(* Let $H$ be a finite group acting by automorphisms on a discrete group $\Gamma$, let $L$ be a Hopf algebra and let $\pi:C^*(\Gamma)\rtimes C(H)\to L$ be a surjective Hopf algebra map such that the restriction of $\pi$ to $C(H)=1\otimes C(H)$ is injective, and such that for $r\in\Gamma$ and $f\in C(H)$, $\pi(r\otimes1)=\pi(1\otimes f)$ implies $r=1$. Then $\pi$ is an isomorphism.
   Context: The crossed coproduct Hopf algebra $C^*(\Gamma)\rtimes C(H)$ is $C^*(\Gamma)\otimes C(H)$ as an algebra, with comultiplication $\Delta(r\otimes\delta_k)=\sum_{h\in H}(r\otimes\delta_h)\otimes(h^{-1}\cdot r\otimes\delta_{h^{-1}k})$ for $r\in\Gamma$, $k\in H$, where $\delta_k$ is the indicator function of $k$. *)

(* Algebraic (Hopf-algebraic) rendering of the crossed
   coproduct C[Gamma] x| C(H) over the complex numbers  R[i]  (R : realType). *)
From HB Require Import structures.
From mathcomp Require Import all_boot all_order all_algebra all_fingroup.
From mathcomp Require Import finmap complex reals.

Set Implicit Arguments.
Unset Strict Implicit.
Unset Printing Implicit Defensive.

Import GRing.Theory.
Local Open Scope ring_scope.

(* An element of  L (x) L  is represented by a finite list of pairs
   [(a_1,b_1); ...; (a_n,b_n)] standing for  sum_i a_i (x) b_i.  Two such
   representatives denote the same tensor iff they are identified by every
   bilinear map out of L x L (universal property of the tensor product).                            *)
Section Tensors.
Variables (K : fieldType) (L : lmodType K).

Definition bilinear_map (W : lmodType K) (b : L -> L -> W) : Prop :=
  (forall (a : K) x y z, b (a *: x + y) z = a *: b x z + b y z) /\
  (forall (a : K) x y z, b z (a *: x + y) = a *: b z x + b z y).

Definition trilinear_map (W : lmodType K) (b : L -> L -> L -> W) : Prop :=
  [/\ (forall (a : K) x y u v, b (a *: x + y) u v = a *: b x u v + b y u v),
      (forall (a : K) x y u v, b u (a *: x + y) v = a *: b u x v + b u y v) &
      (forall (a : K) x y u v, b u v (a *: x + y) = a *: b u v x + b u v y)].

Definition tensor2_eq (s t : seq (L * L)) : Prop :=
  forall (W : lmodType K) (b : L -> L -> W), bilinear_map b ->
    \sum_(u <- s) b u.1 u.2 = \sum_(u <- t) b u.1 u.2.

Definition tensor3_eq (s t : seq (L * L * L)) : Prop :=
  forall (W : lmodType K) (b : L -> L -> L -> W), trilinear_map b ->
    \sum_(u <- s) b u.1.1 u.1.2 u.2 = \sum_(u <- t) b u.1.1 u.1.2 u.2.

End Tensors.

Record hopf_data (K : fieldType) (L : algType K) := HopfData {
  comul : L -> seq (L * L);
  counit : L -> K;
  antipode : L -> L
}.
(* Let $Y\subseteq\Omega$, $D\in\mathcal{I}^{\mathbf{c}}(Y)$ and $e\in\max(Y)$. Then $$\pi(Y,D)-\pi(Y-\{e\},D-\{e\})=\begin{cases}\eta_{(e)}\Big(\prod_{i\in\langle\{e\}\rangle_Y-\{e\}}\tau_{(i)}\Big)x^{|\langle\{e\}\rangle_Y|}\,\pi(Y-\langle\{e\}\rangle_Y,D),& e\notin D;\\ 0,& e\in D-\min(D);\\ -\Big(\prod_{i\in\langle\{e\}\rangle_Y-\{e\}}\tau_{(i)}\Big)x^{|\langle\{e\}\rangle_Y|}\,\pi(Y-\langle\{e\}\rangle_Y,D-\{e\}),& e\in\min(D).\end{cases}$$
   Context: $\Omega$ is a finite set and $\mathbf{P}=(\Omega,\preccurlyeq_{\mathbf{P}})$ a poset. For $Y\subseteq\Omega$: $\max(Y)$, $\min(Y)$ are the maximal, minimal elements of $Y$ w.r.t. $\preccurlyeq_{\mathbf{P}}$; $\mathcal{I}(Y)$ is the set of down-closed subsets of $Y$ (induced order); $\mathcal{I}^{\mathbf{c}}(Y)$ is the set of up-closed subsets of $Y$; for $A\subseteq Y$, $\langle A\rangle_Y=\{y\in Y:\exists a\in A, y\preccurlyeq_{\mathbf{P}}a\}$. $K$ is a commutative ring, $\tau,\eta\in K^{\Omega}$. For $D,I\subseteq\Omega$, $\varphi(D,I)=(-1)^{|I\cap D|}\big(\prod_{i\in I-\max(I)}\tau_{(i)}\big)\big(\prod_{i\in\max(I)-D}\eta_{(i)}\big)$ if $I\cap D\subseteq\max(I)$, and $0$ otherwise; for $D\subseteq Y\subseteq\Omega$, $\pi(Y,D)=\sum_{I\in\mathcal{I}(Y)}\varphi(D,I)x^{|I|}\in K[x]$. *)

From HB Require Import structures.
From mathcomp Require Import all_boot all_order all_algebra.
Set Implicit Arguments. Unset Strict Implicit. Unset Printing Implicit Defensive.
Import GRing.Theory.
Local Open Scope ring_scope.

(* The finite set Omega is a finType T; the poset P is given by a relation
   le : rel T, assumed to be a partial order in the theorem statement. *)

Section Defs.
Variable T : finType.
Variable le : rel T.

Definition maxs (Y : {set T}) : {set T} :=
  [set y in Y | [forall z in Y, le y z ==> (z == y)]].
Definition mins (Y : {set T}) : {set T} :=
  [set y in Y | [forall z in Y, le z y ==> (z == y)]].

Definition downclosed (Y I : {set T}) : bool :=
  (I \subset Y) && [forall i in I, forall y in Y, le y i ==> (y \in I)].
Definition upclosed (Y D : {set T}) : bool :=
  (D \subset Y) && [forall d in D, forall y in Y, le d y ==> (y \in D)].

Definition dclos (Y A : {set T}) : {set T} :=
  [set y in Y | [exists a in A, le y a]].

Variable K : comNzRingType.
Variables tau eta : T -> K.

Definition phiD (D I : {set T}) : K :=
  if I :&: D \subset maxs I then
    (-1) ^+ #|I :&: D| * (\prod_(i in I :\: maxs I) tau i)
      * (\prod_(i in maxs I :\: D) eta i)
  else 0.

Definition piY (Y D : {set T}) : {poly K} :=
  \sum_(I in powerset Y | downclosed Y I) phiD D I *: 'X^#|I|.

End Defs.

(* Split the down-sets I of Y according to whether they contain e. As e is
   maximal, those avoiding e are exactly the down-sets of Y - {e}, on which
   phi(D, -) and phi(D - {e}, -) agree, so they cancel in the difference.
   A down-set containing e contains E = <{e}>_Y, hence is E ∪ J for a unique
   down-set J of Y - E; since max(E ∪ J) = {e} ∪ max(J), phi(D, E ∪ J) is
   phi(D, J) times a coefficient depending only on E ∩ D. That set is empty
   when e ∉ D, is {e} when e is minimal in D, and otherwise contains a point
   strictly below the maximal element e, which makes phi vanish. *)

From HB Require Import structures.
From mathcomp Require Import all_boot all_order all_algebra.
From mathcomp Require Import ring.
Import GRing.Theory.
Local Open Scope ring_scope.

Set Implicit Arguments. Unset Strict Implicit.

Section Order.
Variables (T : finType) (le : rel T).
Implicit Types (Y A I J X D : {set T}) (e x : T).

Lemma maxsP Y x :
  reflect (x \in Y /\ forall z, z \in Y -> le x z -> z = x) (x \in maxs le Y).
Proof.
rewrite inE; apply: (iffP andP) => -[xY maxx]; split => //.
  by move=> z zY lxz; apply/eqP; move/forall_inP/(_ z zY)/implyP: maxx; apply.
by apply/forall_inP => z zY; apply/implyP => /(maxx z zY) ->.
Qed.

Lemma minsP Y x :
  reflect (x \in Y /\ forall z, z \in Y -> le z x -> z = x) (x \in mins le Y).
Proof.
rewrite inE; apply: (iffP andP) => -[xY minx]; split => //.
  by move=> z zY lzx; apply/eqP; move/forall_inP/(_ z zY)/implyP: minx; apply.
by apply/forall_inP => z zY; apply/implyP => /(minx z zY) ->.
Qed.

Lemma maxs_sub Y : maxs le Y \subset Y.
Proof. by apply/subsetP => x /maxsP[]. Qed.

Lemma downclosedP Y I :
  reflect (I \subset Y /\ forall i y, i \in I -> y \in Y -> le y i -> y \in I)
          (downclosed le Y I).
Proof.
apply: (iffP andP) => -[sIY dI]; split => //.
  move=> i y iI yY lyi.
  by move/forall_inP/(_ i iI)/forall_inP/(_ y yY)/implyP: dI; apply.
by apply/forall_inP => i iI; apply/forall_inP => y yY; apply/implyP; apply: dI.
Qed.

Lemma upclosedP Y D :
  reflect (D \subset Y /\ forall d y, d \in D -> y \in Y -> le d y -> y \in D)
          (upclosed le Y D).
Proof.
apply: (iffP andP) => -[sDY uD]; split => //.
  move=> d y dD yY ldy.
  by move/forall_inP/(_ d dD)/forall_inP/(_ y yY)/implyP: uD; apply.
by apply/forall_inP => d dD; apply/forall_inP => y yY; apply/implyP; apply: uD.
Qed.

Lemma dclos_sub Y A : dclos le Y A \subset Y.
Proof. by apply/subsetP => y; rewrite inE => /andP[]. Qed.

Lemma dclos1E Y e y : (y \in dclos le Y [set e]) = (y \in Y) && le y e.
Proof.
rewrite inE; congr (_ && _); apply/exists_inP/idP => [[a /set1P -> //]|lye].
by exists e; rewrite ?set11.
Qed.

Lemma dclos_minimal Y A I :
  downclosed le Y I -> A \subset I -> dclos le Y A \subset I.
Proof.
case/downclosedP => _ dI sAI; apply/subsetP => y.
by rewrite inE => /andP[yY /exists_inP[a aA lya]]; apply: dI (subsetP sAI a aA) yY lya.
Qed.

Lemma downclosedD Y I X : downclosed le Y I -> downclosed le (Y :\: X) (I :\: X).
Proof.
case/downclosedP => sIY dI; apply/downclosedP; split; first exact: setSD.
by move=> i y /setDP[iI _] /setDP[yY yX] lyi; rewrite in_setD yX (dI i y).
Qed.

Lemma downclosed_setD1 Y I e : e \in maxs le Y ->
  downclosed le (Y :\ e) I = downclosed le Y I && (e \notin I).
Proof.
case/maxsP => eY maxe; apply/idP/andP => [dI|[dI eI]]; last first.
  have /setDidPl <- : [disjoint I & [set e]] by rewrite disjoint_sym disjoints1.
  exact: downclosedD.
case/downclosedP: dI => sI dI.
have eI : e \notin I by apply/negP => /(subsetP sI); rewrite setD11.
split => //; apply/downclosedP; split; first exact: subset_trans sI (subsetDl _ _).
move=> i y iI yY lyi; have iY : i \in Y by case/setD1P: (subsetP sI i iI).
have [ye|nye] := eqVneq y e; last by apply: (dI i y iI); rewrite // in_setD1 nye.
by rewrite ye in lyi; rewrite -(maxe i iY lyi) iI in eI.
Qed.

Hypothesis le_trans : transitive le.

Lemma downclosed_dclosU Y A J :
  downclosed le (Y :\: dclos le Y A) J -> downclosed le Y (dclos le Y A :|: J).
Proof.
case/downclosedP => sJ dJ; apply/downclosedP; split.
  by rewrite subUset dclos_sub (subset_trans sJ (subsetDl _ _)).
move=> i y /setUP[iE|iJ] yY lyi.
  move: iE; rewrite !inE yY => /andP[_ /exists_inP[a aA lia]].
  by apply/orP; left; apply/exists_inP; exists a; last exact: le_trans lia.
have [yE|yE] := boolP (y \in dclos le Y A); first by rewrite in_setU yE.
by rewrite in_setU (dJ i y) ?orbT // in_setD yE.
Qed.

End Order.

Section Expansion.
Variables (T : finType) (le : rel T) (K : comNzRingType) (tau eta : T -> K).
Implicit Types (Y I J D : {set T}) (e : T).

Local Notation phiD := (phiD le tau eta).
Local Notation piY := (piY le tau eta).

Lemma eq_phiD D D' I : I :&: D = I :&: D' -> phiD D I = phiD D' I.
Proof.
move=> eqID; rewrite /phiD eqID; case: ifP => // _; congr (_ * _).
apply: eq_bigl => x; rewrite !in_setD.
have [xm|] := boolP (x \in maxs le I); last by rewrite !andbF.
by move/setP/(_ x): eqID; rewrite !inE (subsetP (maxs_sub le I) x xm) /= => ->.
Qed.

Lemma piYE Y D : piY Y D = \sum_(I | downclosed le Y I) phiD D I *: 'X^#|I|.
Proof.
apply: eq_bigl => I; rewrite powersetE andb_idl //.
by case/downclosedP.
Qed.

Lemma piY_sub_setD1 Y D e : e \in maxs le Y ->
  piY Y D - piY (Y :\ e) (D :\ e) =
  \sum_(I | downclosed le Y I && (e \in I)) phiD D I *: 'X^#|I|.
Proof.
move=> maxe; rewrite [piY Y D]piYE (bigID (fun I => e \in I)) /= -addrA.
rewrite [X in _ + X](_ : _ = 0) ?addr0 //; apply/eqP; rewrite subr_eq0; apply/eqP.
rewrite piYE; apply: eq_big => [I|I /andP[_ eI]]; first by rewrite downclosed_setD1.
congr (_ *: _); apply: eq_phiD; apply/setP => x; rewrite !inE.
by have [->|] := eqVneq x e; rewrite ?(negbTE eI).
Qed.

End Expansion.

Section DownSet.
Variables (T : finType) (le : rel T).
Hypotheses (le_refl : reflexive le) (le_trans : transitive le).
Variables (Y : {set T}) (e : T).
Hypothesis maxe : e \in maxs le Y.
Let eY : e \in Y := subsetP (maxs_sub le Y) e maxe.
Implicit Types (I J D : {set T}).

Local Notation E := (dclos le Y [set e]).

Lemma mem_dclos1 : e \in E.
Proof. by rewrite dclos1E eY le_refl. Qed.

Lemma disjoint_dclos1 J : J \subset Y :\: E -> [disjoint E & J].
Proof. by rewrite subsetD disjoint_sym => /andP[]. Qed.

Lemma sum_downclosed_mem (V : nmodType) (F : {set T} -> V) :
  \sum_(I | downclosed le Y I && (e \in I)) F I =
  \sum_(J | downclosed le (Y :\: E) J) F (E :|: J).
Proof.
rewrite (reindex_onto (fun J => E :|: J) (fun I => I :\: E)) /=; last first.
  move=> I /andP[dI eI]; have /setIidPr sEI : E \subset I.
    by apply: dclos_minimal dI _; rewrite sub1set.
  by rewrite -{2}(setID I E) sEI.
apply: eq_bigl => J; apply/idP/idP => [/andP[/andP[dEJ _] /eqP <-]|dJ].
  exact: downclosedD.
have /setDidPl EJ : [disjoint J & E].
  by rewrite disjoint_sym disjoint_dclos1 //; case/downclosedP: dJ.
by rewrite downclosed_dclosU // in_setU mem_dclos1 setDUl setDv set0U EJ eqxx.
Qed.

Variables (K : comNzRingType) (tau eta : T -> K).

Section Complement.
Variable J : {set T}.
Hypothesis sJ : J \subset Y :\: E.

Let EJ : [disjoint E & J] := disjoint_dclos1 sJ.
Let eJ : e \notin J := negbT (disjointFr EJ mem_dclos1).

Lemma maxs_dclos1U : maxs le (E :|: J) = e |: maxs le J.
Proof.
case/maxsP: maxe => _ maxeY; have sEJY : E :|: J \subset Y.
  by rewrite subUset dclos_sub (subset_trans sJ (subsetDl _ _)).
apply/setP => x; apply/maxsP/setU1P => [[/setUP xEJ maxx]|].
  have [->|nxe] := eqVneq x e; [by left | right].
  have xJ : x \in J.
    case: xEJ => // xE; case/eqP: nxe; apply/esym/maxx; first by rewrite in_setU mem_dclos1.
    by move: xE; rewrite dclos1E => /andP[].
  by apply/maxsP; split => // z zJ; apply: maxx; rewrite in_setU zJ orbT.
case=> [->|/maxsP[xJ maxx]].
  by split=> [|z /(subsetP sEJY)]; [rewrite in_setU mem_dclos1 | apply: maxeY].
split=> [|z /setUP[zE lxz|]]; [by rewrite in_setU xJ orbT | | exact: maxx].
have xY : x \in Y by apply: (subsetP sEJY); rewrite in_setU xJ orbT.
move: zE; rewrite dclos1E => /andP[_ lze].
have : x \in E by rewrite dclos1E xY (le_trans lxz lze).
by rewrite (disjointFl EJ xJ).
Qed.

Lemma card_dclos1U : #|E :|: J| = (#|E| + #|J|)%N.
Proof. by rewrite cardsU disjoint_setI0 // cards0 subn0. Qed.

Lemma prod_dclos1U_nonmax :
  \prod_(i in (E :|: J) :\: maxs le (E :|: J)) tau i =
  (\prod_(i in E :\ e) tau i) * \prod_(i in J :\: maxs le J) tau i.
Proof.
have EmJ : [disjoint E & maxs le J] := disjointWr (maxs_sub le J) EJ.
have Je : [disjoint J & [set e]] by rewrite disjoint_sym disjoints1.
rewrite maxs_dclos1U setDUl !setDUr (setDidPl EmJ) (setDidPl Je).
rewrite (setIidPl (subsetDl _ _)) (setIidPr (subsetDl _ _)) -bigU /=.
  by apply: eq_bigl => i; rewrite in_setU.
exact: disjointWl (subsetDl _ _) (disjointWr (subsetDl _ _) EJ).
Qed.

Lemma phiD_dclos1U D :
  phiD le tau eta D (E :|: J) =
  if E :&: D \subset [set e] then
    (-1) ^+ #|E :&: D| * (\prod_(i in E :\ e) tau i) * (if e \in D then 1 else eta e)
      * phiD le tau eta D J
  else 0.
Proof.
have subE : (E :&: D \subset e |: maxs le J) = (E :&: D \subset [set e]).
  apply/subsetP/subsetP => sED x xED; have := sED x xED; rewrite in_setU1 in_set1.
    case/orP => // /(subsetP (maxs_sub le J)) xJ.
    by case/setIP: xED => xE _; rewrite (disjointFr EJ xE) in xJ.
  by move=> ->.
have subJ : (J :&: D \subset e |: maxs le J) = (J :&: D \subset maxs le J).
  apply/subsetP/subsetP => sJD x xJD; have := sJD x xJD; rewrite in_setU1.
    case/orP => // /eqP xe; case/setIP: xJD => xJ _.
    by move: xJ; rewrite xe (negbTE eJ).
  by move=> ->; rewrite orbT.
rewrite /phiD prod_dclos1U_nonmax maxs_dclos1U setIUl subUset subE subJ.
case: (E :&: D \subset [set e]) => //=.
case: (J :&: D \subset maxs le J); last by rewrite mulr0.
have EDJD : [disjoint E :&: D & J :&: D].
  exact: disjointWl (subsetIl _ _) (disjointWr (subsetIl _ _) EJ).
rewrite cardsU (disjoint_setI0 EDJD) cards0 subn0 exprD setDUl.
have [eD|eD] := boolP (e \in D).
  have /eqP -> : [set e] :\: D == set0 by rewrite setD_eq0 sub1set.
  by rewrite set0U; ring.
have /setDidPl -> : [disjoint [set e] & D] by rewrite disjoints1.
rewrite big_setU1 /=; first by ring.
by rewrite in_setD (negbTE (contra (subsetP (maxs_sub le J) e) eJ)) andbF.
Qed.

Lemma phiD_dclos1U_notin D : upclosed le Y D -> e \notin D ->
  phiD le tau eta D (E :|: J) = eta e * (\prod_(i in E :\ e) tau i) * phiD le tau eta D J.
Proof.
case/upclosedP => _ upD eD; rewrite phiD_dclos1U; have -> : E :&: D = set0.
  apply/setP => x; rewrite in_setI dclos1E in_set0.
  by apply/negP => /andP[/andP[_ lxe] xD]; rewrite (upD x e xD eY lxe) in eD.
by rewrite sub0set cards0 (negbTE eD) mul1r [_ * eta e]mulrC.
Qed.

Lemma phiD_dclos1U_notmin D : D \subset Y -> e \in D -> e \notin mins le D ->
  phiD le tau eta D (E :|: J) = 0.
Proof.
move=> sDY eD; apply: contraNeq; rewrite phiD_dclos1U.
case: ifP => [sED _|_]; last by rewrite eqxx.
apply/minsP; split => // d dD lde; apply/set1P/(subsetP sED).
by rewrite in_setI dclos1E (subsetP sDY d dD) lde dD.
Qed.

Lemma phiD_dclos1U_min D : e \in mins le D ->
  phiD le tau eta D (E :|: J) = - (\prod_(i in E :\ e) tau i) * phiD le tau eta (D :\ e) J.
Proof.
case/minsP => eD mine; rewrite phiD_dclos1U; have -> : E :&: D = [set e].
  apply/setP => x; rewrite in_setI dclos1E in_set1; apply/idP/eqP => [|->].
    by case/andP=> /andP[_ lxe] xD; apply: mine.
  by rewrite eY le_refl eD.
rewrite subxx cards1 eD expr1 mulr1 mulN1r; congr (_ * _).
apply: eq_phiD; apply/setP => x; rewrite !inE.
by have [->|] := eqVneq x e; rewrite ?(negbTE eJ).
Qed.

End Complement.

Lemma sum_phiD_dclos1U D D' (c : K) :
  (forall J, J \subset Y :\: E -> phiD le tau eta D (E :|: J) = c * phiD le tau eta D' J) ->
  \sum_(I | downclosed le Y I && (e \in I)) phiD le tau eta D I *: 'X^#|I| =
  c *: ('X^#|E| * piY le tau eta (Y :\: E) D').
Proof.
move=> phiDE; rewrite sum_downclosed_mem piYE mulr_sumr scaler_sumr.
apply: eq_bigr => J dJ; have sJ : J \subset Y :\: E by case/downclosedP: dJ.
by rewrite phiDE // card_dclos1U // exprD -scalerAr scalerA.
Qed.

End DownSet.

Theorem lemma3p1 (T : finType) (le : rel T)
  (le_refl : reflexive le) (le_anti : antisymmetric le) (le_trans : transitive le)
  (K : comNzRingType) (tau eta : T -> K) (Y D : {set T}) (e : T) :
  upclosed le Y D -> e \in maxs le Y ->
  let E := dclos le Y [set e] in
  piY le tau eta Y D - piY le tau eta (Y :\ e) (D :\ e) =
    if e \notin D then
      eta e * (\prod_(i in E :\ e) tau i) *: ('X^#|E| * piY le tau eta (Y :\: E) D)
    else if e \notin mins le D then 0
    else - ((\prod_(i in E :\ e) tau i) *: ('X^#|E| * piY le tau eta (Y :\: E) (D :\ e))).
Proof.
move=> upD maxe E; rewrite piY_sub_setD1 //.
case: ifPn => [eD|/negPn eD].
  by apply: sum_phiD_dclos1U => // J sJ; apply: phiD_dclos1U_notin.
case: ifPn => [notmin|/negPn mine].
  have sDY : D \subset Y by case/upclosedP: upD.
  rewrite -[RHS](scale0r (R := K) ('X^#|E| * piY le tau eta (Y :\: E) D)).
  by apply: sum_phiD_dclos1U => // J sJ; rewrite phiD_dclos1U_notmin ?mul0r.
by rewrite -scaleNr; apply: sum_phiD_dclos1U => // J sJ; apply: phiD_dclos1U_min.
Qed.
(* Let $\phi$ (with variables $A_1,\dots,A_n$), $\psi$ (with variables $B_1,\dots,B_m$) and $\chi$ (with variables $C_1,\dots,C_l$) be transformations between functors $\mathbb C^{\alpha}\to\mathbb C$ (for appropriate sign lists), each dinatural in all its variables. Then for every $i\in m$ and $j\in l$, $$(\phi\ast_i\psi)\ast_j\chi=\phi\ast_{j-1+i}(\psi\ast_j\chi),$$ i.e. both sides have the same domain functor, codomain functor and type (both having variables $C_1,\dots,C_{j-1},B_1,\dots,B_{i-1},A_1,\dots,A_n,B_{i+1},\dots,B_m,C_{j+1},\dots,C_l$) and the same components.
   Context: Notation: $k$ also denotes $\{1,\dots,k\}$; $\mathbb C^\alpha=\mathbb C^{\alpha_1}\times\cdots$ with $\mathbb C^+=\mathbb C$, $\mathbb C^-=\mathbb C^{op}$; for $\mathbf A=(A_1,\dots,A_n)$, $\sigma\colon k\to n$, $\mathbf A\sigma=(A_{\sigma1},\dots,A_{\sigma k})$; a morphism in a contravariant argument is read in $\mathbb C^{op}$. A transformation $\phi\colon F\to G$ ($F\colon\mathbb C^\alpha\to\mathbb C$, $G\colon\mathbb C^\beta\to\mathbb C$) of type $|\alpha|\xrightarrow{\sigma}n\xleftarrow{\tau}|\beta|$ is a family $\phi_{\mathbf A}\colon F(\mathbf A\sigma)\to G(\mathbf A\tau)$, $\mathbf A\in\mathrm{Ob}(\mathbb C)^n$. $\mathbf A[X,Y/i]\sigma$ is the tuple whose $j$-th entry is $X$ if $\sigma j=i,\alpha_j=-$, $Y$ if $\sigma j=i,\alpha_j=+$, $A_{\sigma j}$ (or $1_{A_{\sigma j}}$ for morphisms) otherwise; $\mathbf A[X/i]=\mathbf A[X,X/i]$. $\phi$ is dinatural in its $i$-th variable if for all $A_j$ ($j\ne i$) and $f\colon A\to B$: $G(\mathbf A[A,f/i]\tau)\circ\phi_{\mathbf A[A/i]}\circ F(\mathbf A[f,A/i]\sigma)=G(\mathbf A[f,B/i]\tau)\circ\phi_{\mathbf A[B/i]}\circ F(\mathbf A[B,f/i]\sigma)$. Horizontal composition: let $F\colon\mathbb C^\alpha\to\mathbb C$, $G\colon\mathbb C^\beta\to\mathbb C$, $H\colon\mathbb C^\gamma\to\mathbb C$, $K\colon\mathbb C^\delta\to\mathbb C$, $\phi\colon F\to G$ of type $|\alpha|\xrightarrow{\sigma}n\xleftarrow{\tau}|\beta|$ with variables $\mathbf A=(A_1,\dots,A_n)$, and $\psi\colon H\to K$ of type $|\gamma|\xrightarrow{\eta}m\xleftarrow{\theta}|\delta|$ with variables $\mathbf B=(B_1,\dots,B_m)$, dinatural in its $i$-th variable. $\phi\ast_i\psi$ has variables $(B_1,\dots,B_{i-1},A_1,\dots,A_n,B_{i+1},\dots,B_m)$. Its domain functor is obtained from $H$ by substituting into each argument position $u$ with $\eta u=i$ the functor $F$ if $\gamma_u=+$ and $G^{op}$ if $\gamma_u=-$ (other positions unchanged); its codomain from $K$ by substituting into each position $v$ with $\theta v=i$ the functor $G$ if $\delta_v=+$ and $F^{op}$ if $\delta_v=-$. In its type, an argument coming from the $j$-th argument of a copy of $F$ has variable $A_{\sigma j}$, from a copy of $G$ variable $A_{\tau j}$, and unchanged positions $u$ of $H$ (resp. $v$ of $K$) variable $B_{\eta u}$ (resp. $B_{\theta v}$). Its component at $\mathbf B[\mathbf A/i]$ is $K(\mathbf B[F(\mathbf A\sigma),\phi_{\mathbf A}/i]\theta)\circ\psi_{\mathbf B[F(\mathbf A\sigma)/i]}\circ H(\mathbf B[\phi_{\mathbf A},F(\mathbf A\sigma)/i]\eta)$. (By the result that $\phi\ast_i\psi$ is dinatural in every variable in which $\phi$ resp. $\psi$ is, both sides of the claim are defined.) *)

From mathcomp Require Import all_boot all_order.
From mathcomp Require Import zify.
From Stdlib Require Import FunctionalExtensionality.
# # # #
▸ **WORK TO COMPLETE**
When the line with "apply/setP => x; rewrite in_setI dclos1E in_set1;" is reached in the data above, start copying there, and copy each line exactly until the line with "Lemma sum_phiD_dclos1U D" has been copied; copy nothing else.

▸ **RESULT FOR THIS EXERCISE**
  apply/setP => x; rewrite in_setI dclos1E in_set1; apply/idP/eqP => [|->].
    by case/andP=> /andP[_ lxe] xD; apply: mine.
  by rewrite eY le_refl eD.
rewrite subxx cards1 eD expr1 mulr1 mulN1r; congr (_ * _).
apply: eq_phiD; apply/setP => x; rewrite !inE.
by have [->|] := eqVneq x e; rewrite ?(negbTE eJ).
Qed.

End Complement.

Lemma sum_phiD_dclos1U D D' (c : K) :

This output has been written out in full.